Wednesday, January 05, 2011

Grace

Joel Goldsmith frequently recommends that one ask God for, or invoke, grace. I decided that although I thought I knew what grace was, I had better contemplate it and see what I came up with. Thus, this morning's meditation focused on grace. As I contemplated, it came to me that grace is a blessing and I asked what that meant and I got that it was something that, in this case, pleases the soul. This didn't fit with my idea of what grace is.

I felt confused by this explanation and questioned Universe as it didn't seem right that grace is a blessing and something bestowed upon my soul to please it. Rather, I thought that grace is some sort of God-given shot of positive energy. I received a mental lecture from Universe on keeping soul and humanhood apart and was told that what pleases one's soul might not please one's humanhood. In other words, something that helps the soul evolve is delightful to the soul, even if one humanly despises it. I remembered an example: when I was doing one of my college practicums which centred around helping at a parent and tot drop-in programme, the human part of me was sometimes quite bored, but after about thirty to forty-five minutes into each morning session with these small children, another part of me found itself delighted and beaming or shining with joy. I can only think that this was my soul being touched by all the energy of these bright clean souls that surrounded me. Illness (and pain) is another experience that I don't enjoy, not that I am very often ill, but it is possible that my soul derives great pleasure or growth from the experience.

This experience is also interesting to me because it highlights my humanhood and how I view the world from the false self's perspective while showing me that there is another part of me that is having quite a different experience. In other words, it shows me that the ego or humanhood can be feeling one thing while the soul is being energized by something quite different. It is not very long ago that I probably would have only noticed that I was bored, and paid no attention to the part of me that was delighted by the energy field of these small bodies. Now I can see that the boredom was a figment of my ego or false self and did not touch my soul.
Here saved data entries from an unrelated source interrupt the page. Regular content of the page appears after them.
(* Consider testing $H_0^G:G\sim\mathcal G_d(N,1/2)$ versus $H_1^G:G\sim\mathcal G_d(N,1/2,\kappa)$ with $\kappa=N^\beta$, $0<\beta<1/2$, $d$ fixed. Let $C>0$ be a constant and let $f$ be a polynomial in the hyperedge indicator variables $(\mathcal A_e)_{e\in\binom{[N]}{d}}$ of $G$, of degree at most $D$ with $D\le C\log N$, such that $\mathbb E_{H_0^G}f(G)=0$ and $\mathbb E_{H_0^G}f(G)^2=1$. Then $\mathbb E_{H_1^G}f(G)=O(1)$, i.e. it is bounded by a constant not depending on $N$ or $f$.
   Context: $\mathcal G_d(N,1/2)$ is the random $d$-uniform hypergraph on $[N]$ where each $d$-element subset $e$ is a hyperedge independently with probability $1/2$; $\mathcal A_e\in\{0,1\}$ indicates whether $e$ is a hyperedge. $\mathcal G_d(N,1/2,\kappa)$ is obtained from $\mathcal G_d(N,1/2)$ by choosing a uniformly random $\kappa$-subset $K\subseteq[N]$ and adding all $d$-subsets of $K$ as hyperedges. *)

From HB Require Import structures.
From mathcomp Require Import all_boot all_order all_algebra.
From mathcomp Require Import reals exp.
From mathcomp Require Import mpoly.

Set Implicit Arguments.
Unset Strict Implicit.
Unset Printing Implicit Defensive.

Import Order.TTheory GRing.Theory Num.Theory.
Local Open Scope ring_scope.

Definition hedge (N d : nat) : finType := {e : {set 'I_N} | #|e| == d}.

Definition hgraph (N d : nat) := {ffun hedge N d -> bool}.

Definition nvars (N d : nat) : nat := #|{: hedge N d}|.

(* Evaluation of a polynomial in the variables (A_e)_e at the hypergraph G:
   variable number i stands for the indicator of the i-th hyperedge
   (in the enumeration of hedge N d). *)
Definition polyfun (R : realType) (N d : nat) (p : {mpoly R[nvars N d]})
  (G : hgraph N d) : R :=
  p.@[fun i : 'I_(nvars N d) => ((G (enum_val i) : nat)%:R : R)].

Definition E0 (R : realType) (N d : nat) (f : hgraph N d -> R) : R :=
  (#|{: hgraph N d}|%:R)^-1 * \sum_(G : hgraph N d) f G.

Definition plant (N d : nat) (K : {set 'I_N}) (G : hgraph N d) : hgraph N d :=
  [ffun e : hedge N d => G e || (val e \subset K)].

(* Expectation under H_1: G ~ G_d(N, 1/2, kappa): K uniform among the
   kappa-subsets of [N], independent of G0 ~ G_d(N,1/2), and G = plant K G0. *)
Definition E1 (R : realType) (N d kappa : nat) (f : hgraph N d -> R) : R :=
  (#|[set K : {set 'I_N} | #|K| == kappa]|%:R)^-1 *
  \sum_(K : {set 'I_N} | #|K| == kappa) E0 (fun G => f (plant K G)).

(* kappa = N^beta, rounded down to an integer. *)
Definition kappa_of (R : realType) (N : nat) (beta : R) : nat :=
  Num.truncn ((N%:R : R) `^ beta).

From HB Require Import structures.
From mathcomp Require Import all_boot all_order all_algebra.
From mathcomp Require Import reals exp sequences.
From mathcomp Require Import mpoly.
From mathcomp Require Import ring lra zify.
Import Order.TTheory GRing.Theory Num.Theory.
Local Open Scope ring_scope.
Set Implicit Arguments.
Unset Strict Implicit.
Unset Printing Implicit Defensive.

(* We expand f in the Walsh basis chi_S(G) = prod_{e in S} (2 A_e - 1), S a set of
   hyperedges, of the uniform measure on hypergraphs (H_0).  Planting K turns chi_S into
   the indicator that K contains the vertex cover of S, so
   E_{H_1} f = sum_S fhat(S) P[cover S \subset K].  For f of degree at most D with
   E_{H_0} f = 0, only the low sets 0 < |S| <= D carry Fourier mass, and Parseval
   gives |E_{H_1} f| <= (1 + sum_{S low} P[cover S \subset K]^2) / 2.
   Grouping the low sets S by their cover W, with w = |W|, the sum is at most
   sum_w h(w) (kappa^2/N)^w, where h(w) bounds the number of low S covering a w-set:
   h(w) <= 2^(w^d) is a constant for small w, while h(w) <= D w^(dD) is beaten
   by (kappa^2/N)^w <= N^(-(1-2 beta) w) for w beyond a constant threshold. *)

Section FourierAnalysis.
Variables (R : realType) (N d : nat).
Local Notation edge := (hedge N d).
Local Notation graph := (hgraph N d).

Definition sgnb (b : bool) : R := if b then 1 else -1.

Lemma sgnbN (b : bool) : sgnb (~~ b) = - sgnb b.
Proof. by case: b; rewrite /sgnb ?opprK. Qed.

Definition chi (S : {set edge}) (G : graph) : R := \prod_(e in S) sgnb (G e).

Definition flip (e0 : edge) (G : graph) : graph :=
  [ffun e => if e == e0 then ~~ G e else G e].

Lemma flipK (e0 : edge) : involutive (flip e0).
Proof.
move=> G; apply/ffunP => e; rewrite !ffunE.
by case: eqP => // _; rewrite negbK.
Qed.

Lemma sum_flip_odd (e0 : edge) (h : graph -> R) :
  (forall G, h (flip e0 G) = - h G) -> \sum_G h G = 0.
Proof.
move=> h_odd.
have sum_eq_opp : \sum_G h G = - \sum_G h G.
  rewrite {1}(reindex_inj (inv_inj (@flipK e0))) /= -sumrN.
  by apply: eq_bigr => G _; rewrite h_odd.
by move: sum_eq_opp; lra.
Qed.

Lemma chi_flip (S : {set edge}) (e0 : edge) (G : graph) :
  e0 \in S -> chi S (flip e0 G) = - chi S G.
Proof.
move=> e0S; rewrite /chi (bigD1 e0) //= [in RHS](bigD1 e0) //= ffunE eqxx sgnbN.
rewrite mulNr; congr (- (_ * _)); apply: eq_bigr => e /andP[_ /negbTE ne].
by rewrite ffunE ne.
Qed.

Lemma card_graph_neq0 : (#|{: graph}|%:R : R) != 0.
Proof. by rewrite card_ffun card_bool pnatr_eq0 -lt0n expn_gt0. Qed.

Lemma E0_ext (f g : graph -> R) : f =1 g -> E0 f = E0 g.
Proof. by move=> fg; rewrite /E0; congr (_ * _); apply: eq_bigr => G _. Qed.

Lemma E0_lin (I : finType) (c : I -> R) (F : I -> graph -> R) :
  E0 (fun G => \sum_i c i * F i G) = \sum_i c i * E0 (F i).
Proof.
rewrite /E0 exchange_big mulr_sumr; apply: eq_bigr => i _.
by rewrite -mulr_sumr mulrCA.
Qed.

Lemma E0_const1 : E0 (fun _ : graph => (1 : R)) = 1.
Proof. by rewrite /E0 sumr_const -[_ *+ _]mulr_natr mul1r mulVf ?card_graph_neq0. Qed.

Lemma chi_orthogonality (G H : graph) :
  \sum_(S : {set edge}) chi S G * chi S H = #|{: graph}|%:R * (G == H)%:R.
Proof.
have -> : \sum_S chi S G * chi S H = \prod_e (sgnb (G e) * sgnb (H e) + 1).
  rewrite bigA_distr; apply: eq_big => // S _.
  by rewrite -big_mkcond big_split.
have [<- | neqGH] := eqVneq G H.
  rewrite mulr1 card_ffun card_bool natrX -prodr_const.
  by apply: eq_bigr => e _; case: (G e); rewrite /sgnb ?mulrNN mulr1.
have [e neq_e] : exists e, G e != H e.
  apply/existsP; apply: contraNT neqGH => /existsPn same.
  by apply/eqP/ffunP => e; apply/eqP; rewrite -[_ == _]negbK same.
rewrite mulr0 (bigD1 e) //=.
by case: (G e) (H e) neq_e => [] [] //= _;
  rewrite /sgnb ?mulrN ?mulNr ?mulr1 ?mul1r addNr mul0r.
Qed.

Definition fourier (f : graph -> R) (S : {set edge}) : R :=
  E0 (fun G => f G * chi S G).

Lemma fourier_expansion (f : graph -> R) (G : graph) :
  f G = \sum_S fourier f S * chi S G.
Proof.
rewrite /fourier /E0.
under eq_bigr => S _ do rewrite -mulrA mulr_suml.
rewrite -mulr_sumr exchange_big /=.
have inner H : \sum_S f H * chi S H * chi S G = f H * (#|{: graph}|%:R * (H == G)%:R).
  by rewrite -chi_orthogonality mulr_sumr; apply: eq_bigr => S _; rewrite mulrA.
under eq_bigr => H _ do rewrite inner.
rewrite (bigD1 G) //= eqxx big1 ?addr0; last by move=> H /negbTE ->; rewrite !mulr0.
by rewrite mulr1 mulrCA mulVf ?mulr1 ?card_graph_neq0.
Qed.

Lemma parseval (f : graph -> R) :
  E0 (fun G => f G ^+ 2) = \sum_S fourier f S ^+ 2.
Proof.
rewrite (@E0_ext _ (fun G => \sum_S fourier f S * (f G * chi S G))).
  by rewrite E0_lin; apply: eq_bigr => S _; rewrite expr2.
move=> G; rewrite expr2 {2}(fourier_expansion f G) mulr_sumr.
by apply: eq_bigr => S _; rewrite mulrCA.
Qed.

End FourierAnalysis.

Section PlantedModel.
Variables (R : realType) (N d : nat).
Local Notation edge := (hedge N d).
Local Notation graph := (hgraph N d).

Definition cover (S : {set edge}) : {set 'I_N} := \bigcup_(e in S) val e.

Definition pcontain (k : nat) (W : {set 'I_N}) : R :=
  (#|[set K : {set 'I_N} | #|K| == k]|%:R)^-1 *
  \sum_(K : {set 'I_N} | #|K| == k) (W \subset K)%:R.

(* Once K is planted, chi_S is identically 1 if S covers only vertices of K;
   otherwise some hyperedge of S stays uniform and its sign averages out. *)
Lemma E0_chi_plant (S : {set edge}) (K : {set 'I_N}) :
  E0 (fun G => chi R S (plant K G)) = (cover S \subset K)%:R.
Proof.
have [/bigcupsP inK | notinK] := boolP (cover S \subset K).
  rewrite -(E0_const1 R N d); apply: E0_ext => G.
  by rewrite /chi big1 // => e eS; rewrite ffunE inK ?orbT.
have [e eS e_out] : exists2 e, e \in S & ~~ (val e \subset K).
  apply/exists_inP; apply: contraNT notinK => /exists_inPn e_in.
  by apply/bigcupsP => e eS; have := e_in e eS; rewrite negbK.
rewrite /E0 (@sum_flip_odd R N d e) ?mulr0 ?(negbTE notinK) // => G.
rewrite -(chi_flip R (plant K G) eS); congr (chi R S _).
apply/ffunP => e'; rewrite !ffunE.
by case: eqP => [->|//]; rewrite (negbTE e_out) !orbF.
Qed.

Lemma E1_fourier (k : nat) (f : graph -> R) :
  E1 k f = \sum_S fourier f S * pcontain k (cover S).
Proof.
have planted K : E0 (fun G => f (plant K G))
                 = \sum_S fourier f S * (cover S \subset K)%:R.
  rewrite (@E0_ext R N d _ (fun G => \sum_S fourier f S * chi R S (plant K G))).
    by rewrite E0_lin; apply: eq_bigr => S _; rewrite E0_chi_plant.
  by move=> G; rewrite -fourier_expansion.
rewrite /E1 /pcontain; under eq_bigr => K _ do rewrite planted.
rewrite exchange_big mulr_sumr; apply: eq_bigr => S _.
by rewrite -mulr_sumr mulrCA.
Qed.

End PlantedModel.

(* The non-empty sets of size at most D: the possible Fourier support of a
   centered polynomial of degree at most D in the hyperedge indicators. *)
Definition low (T : finType) (D : nat) (S : {set T}) : bool :=
  (0 < #|S|)%N && (#|S| <= D)%N.

Section LowDegree.
Variables (R : realType) (N d : nat).
Local Notation edge := (hedge N d).
Local Notation graph := (hgraph N d).

Lemma fourier_set0 (f : graph -> R) : fourier f set0 = E0 f.
Proof. by apply: E0_ext => G; rewrite /chi big_set0 mulr1. Qed.

(* A monomial of degree at most D misses some hyperedge of S when #|S| > D; toggling
   that hyperedge leaves the monomial unchanged and flips chi_S, so the two are
   orthogonal. *)
Lemma fourier_polyfun_high (D : nat) (p : {mpoly R[nvars N d]}) (S : {set edge}) :
  (msize p <= D.+1)%N -> (D < #|S|)%N -> fourier (polyfun p) S = 0.
Proof.
move=> size_p large_S; rewrite /fourier /E0.
under eq_bigr => G _ do rewrite /polyfun mevalE mulr_suml.
rewrite exchange_big big1_seq ?mulr0 // => m /andP[_ m_supp].
have deg_m : (mdeg m < D.+1)%N := leq_trans (msize_mdeg_lt m_supp) size_p.
have [e0 e0S /eqP m_e0] : exists2 e0, e0 \in S & m (enum_rank e0) == 0%N.
  apply/exists_inP; apply: contraLR large_S.
  rewrite negb_exists_in => /forall_inP m_S.
  rewrite -leqNgt -ltnS; apply: leq_trans deg_m.
  rewrite ltnS mdegE (reindex (@enum_rank edge)) /=; last first.
    by apply: onW_bij; apply: enum_rank_bij.
  rewrite [X in (_ <= X)%N](bigID (mem S)) /=; apply: leq_trans (leq_addr _ _).
  by rewrite -sum1_card; apply: leq_sum => e eS; rewrite lt0n m_S.
apply: (@sum_flip_odd R N d e0) => G.
rewrite (chi_flip R G e0S) mulrN; congr (- (_ * _)); congr (_ * _).
apply: eq_bigr => i _.
have [->|ne] := eqVneq i (enum_rank e0); first by rewrite m_e0 !expr0.
rewrite ffunE; case: eqP => // i_e0; move: ne.
by rewrite -i_e0 enum_valK eqxx.
Qed.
The experience also indicates an aspect about me that needs work: I have to learn how to allow boredom to die into the abyss, or discover the steps I need to take to rid myself of it.

Actually, how I felt after being with those toddlers for a few minutes reminds me very much of how my father looked for a brief few minutes, a number of days before he died. During the last month or so before his death, it seemed to me that part of him (soul?) stayed away while his body failed. The term, "nobody home," came to my mind often as I was helping him, even though he remained lucid, able to communicate, and seemed to feel emotions and demands of his body; however, there was something quintessential that was missing from him, for most of his final month. On the occasion a few days before his body died, he took my hand and thanked me for all I had done for him. As he did this, a peace and joy emanated, no, shone, from his face. He was quite transformed, despite being so ill. I am certain that I have radiated similar qualities when my body was feeling that something is boring or tedious or I am not enjoying myself, while at the same time everything seemed right and a part of me was indescribably happy.
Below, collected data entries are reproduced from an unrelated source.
(* Let $I$ be a finite set and let $\{g_i: i\in I\}$ be an independent set of elements of a free group $F_n$, i.e. the $g_i$ are pairwise distinct and form a free basis of the subgroup $G=\langle g_i: i\in I\rangle$. For each $i\in I$ let $G_i=\langle g_j: j\in I\setminus\{i\}\rangle$. Then the coset incidence system $\Gamma(G;(G_i)_{i\in I})$ is flag-transitive, i.e. $G$ acting by right multiplication is transitive on the set of flags of type $J$ for every $J\subseteq I$.
   Context: An incidence system is a quadruple $(X,*,t,I)$ with $X$ a set, $I$ a finite type set, $t:X\to I$ surjective, and $*$ a symmetric relation with no two elements of the same type incident. A flag is a set of pairwise incident elements; its type is the set of types of its elements. Coset incidence system: given a group $G$ and subgroups $(G_i)_{i\in I}$, $\Gamma(G;(G_i)_{i\in I})$ has as elements all right cosets $G_ig$ ($g\in G$, $i\in I$), with $t(G_ig)=i$, and $G_ig_1 * G_jg_2$ iff $G_ig_1\cap G_jg_2\neq\emptyset$ (for cosets of different types). $G$ acts on it by right multiplication, preserving types and incidence. *)

(* The free group F_n is modelled concretely by reduced words. *)
From mathcomp Require Import all_boot.
Set Implicit Arguments. Unset Strict Implicit. Unset Printing Implicit Defensive.

(* A letter over an alphabet A: (a, true) stands for a, (a, false) for a^-1. *)
Definition linv {A : Type} (x : A * bool) : A * bool := (x.1, ~~ x.2).

Fixpoint reduced {A : eqType} (w : seq (A * bool)) : bool :=
  match w with
  | x :: ((y :: _) as w') => (y != linv x) && reduced w'
  | _ => true
  end.

Definition red_step {A : eqType} (s : seq (A * bool)) (x : A * bool) :=
  match s with
  | y :: s' => if y == linv x then s' else x :: s
  | [::] => [:: x]
  end.
Definition freduce {A : eqType} (w : seq (A * bool)) : seq (A * bool) :=
  rev (foldl red_step [::] w).

Definition fword (n : nat) := seq ('I_n * bool).
Definition in_Fn (n : nat) (w : fword n) : bool := reduced w.
Definition fg_one (n : nat) : fword n := [::].
Definition fg_mul (n : nat) (u v : fword n) : fword n := freduce (u ++ v).
Definition fg_inv (n : nat) (w : fword n) : fword n := rev (map linv w).

Inductive gen_sub (n : nat) (S : fword n -> Prop) : fword n -> Prop :=
| gs_one : gen_sub S (fg_one n)
| gs_gen x : S x -> gen_sub S x
| gs_mul x y : gen_sub S x -> gen_sub S y -> gen_sub S (fg_mul x y)
| gs_inv x : gen_sub S x -> gen_sub S (fg_inv x).

Definition fg_eval (n : nat) (I : Type) (g : I -> fword n) (w : seq (I * bool))
  : fword n :=
  foldr (fun x acc => fg_mul (if x.2 then g x.1 else fg_inv (g x.1)) acc)
        (fg_one n) w.

Definition independent_set (n : nat) (I : finType) (g : I -> fword n) : Prop :=
  [/\ forall i, in_Fn (g i),
      injective g &
      forall w : seq (I * bool), reduced w -> fg_eval g w = fg_one n -> w = [::]].

Definition Gsub (n : nat) (I : finType) (g : I -> fword n) : fword n -> Prop :=
  gen_sub (fun x => exists i, x = g i).
Definition Gi (n : nat) (I : finType) (g : I -> fword n) (i : I) : fword n -> Prop :=
  gen_sub (fun x => exists j, j != i /\ x = g j).

Definition rcoset (n : nat) (H : fword n -> Prop) (x : fword n) : fword n -> Prop :=
  fun y => exists h, H h /\ y = fg_mul h x.

Definition rmulset (n : nat) (C : fword n -> Prop) (x : fword n) : fword n -> Prop :=
  fun z => exists y, C y /\ z = fg_mul y x.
I have just finished looking up an On-line definition for grace and here is what I found, minus some unrelated definitions, verbal conjugations of the word, and including theological and non-theological definitions:

–noun
1. elegance or beauty of form, manner, motion, or action.
2. a pleasing or attractive quality or endowment.
3. favour or good will.
4. a manifestation of favour, esp. by a superior: It was only through the dean's grace that I wasn't expelled from school.
5. mercy; clemency; pardon: an act of grace.
6. favour shown in granting a delay or temporary immunity.
8. Theology.
    a. the freely given, unmerited favour and love of God.
    b. the influence or spirit of God operating in humans to regenerate or strenthen them.
    c. a virtue or excellence of divine origin: the Christian graces. 
    d. Also called state of grace, the condition of being in God's favour or one of the elect.
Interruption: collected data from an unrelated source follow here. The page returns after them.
Lemma inv_len_tpermM_lt (w : perm_n) (P Q : 'I_n) :
  P < Q -> w P < w Q -> inv_len w < inv_len (tperm P Q * w).
Proof.
move=> ltPQ ltwPQ.
pose inside (i : 'I_n) := P < i < Q.
pose phi (p : refl) :=
  if inside p.1 || inside p.2 then p else (tperm P Q p.1, tperm P Q p.2).
have inside_tperm i : inside (tperm P Q i) = inside i.
  by rewrite /inside; case: (tpermP P Q i) => [->|->|//]; lia.
have phiK : involutive phi.
  move=> p; rewrite {2}/phi; case: ifP => [range|out]; first by rewrite /phi range.
  by rewrite /phi /= !inside_tperm out !tpermK -surjective_pairing.
rewrite /inv_len -(card_imset _ (inv_inj phiK)).
apply: proper_card; apply/properP; split.
  apply/subsetP => q /imsetP[[i j]]; rewrite inE /= => /andP[ij wji] ->{q}.
  rewrite inE !permM /phi /inside /=.
  case: ifP => /= range; rewrite ?tpermK ?wji ?andbT;
  case: (tpermP P Q i) => [ei|ei|/eqP ? /eqP ?];
  case: (tpermP P Q j) => [ej|ej|/eqP ? /eqP ?];
  rewrite ?ei ?ej in ij wji range *; ord_neq_to_nat; lia.
exists (P, Q); first by rewrite inE /= ltPQ !permM tpermL tpermR.
apply/imsetP => -[p]; rewrite inE => /andP[ltp _] Ep.
have : p = phi (P, Q) by rewrite Ep phiK.
by rewrite /phi /inside /= !ltnn andbF /= tpermL tpermR => Ep'; rewrite Ep' /= in ltp; lia.
Qed.

Lemma tmulE (a b : 'I_n) (w : perm_n) :
  tmul (a, b) w = (tperm (w^-1%g a) (w^-1%g b) * w)%g.
Proof. by rewrite /tmul -tpermJ conjgE invgK mulgA mulgKV. Qed.

Lemma tmulVE (t : refl) (w : perm_n) (i : 'I_n) :
  (tmul t w)^-1%g i = w^-1%g (tperm t.1 t.2 i).
Proof. by rewrite /tmul invMg tpermV permM. Qed.

Lemma inv_len_tmul_lt (w : perm_n) (a b : 'I_n) : a < b ->
  (inv_len w < inv_len (tmul (a, b) w)) = (w^-1%g a < w^-1%g b).
Proof.
move=> ltab; rewrite tmulE.
case: (ltngtP (w^-1%g a) (w^-1%g b)) => [lt|gt|/val_inj/perm_inj eq_ab].
- by apply: inv_len_tpermM_lt; rewrite // !permKV.
- apply/negbTE; rewrite -leqNgt ltnW //.
  set w' := (tperm _ _ * w)%g.
  have -> : w = (tperm (w^-1%g b) (w^-1%g a) * w')%g.
    by rewrite /w' tpermC mulgA tperm2 mul1g.
  by apply: inv_len_tpermM_lt; rewrite // /w' !permM tpermL tpermR !permKV.
- by rewrite eq_ab ltnn in ltab.
Qed.

Lemma bedgeE (w x : perm_n) (a b : 'I_n) :
  bedge w (a, b) x = [&& a < b, x == tmul (a, b) w & w^-1%g a < w^-1%g b].
Proof.
rewrite /bedge /is_refl /=; case: (ltnP a b) => //= ltab.
by case: eqP => //= ->; rewrite inv_len_tmul_lt.
Qed.

Lemma tmul_inj (w : perm_n) (t t' : refl) : is_refl t -> is_refl t' ->
  tmul t w = tmul t' w -> t = t'.
Proof.
case: t t' => [x y] [x' y']; rewrite /is_refl /tmul /= => ltxy ltxy' /mulgI eq_t.
have : tperm x' y' x = y by rewrite -eq_t tpermL.
case: tpermP => [-> -> // | eq_xy' eq_x'y | _ _ eq_xy].
- by rewrite eq_xy' -eq_x'y in ltxy; lia.
- by rewrite eq_xy ltnn in ltxy.
Qed.

Lemma tperm_conj (a b x y : 'I_n) :
  tperm (tperm a b x) (tperm a b y) = (tperm a b * tperm x y * tperm a b)%g.
Proof. by rewrite -(tpermJ x y) conjgE tpermV mulgA. Qed.

Lemma bedge_bedge0 (w x : perm_n) t : bedge w t x -> bedge0 w x.
Proof. by move=> e; apply/existsP; exists t. Qed.

Lemma bedge0_inv_len (w x : perm_n) : bedge0 w x -> inv_len w < inv_len x.
Proof. by case/existsP => t /and3P[]. Qed.

Lemma bedge_bruhat_le (w x : perm_n) t : bedge w t x -> bruhat_le w x.
Proof. by move/bedge_bedge0/connect1. Qed.

Lemma diamond_of_edges (x1 x2 x3 x4 : perm_n) :
  bedge0 x1 x2 -> bedge0 x2 x4 -> bedge0 x1 x3 -> bedge0 x3 x4 -> x2 != x3 ->
  diamond x1 x2 x3 x4.
Proof.
move=> e12 e24 e13 e34 ne23; rewrite /diamond e12 e24 e13 e34 !andbT /=.
have ne (p q : perm_n) : inv_len p < inv_len q -> p != q.
  by move=> lt; apply/eqP => eq_pq; rewrite eq_pq ltnn in lt.
have l12 := bedge0_inv_len e12; have l24 := bedge0_inv_len e24.
rewrite !inE !negb_or ne23 (ne _ _ l12) (ne _ _ (bedge0_inv_len e13)) (ne _ _ l24).
by rewrite (ne _ _ (bedge0_inv_len e34)) (ne _ _ (ltn_trans l12 l24)).
Qed.

Lemma binterval_subset (u v z : perm_n) :
  bruhat_le z v -> {subset binterval u z <= binterval u v}.
Proof. by move=> zv w; rewrite !inE => /andP[-> wz]; exact: connect_trans wz zv. Qed.

Lemma binterval_notin_le (u z w a : perm_n) :
  bruhat_le u w -> w \notin binterval u z -> bruhat_le w a -> a \notin binterval u z.
Proof.
move=> uw + wa; apply: contra; rewrite !inE uw => /andP[_ az].
exact: connect_trans wa az.
Qed.

Lemma bpath_rcons (w : perm_n) (s : seq (refl * perm_n)) p :
  bpath w (rcons s p) = bpath w s && bedge (last w (map snd s)) p.1 p.2.
Proof.
elim: s w => [|[t y] s IH] w /=; first by case: p => t y /=; rewrite andbT.
by rewrite IH andbA.
Qed.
9. moral strength: the grace to perform a duty.

As I read these definitions a number of hours post-contemplation, I realize that I have always defined grace as 8.b.: the influence or spirit of God operating in humans to regenerate or strenthen them. Now I realize that during my contemplation, I was told that it is 8.a.: the freely given, unmerited favour and love of God that is appropriate to me at the moment; however, it is only in retrospect that I am understanding 8.a. What first came to me during my session of contemplation, was definition 2.: that grace is a pleasing or attractive quality or endowment. It fits with the realization that endowment for the soul doesn't mean that my humanhood necessarily likes something.
This experience has been a great trust-builder.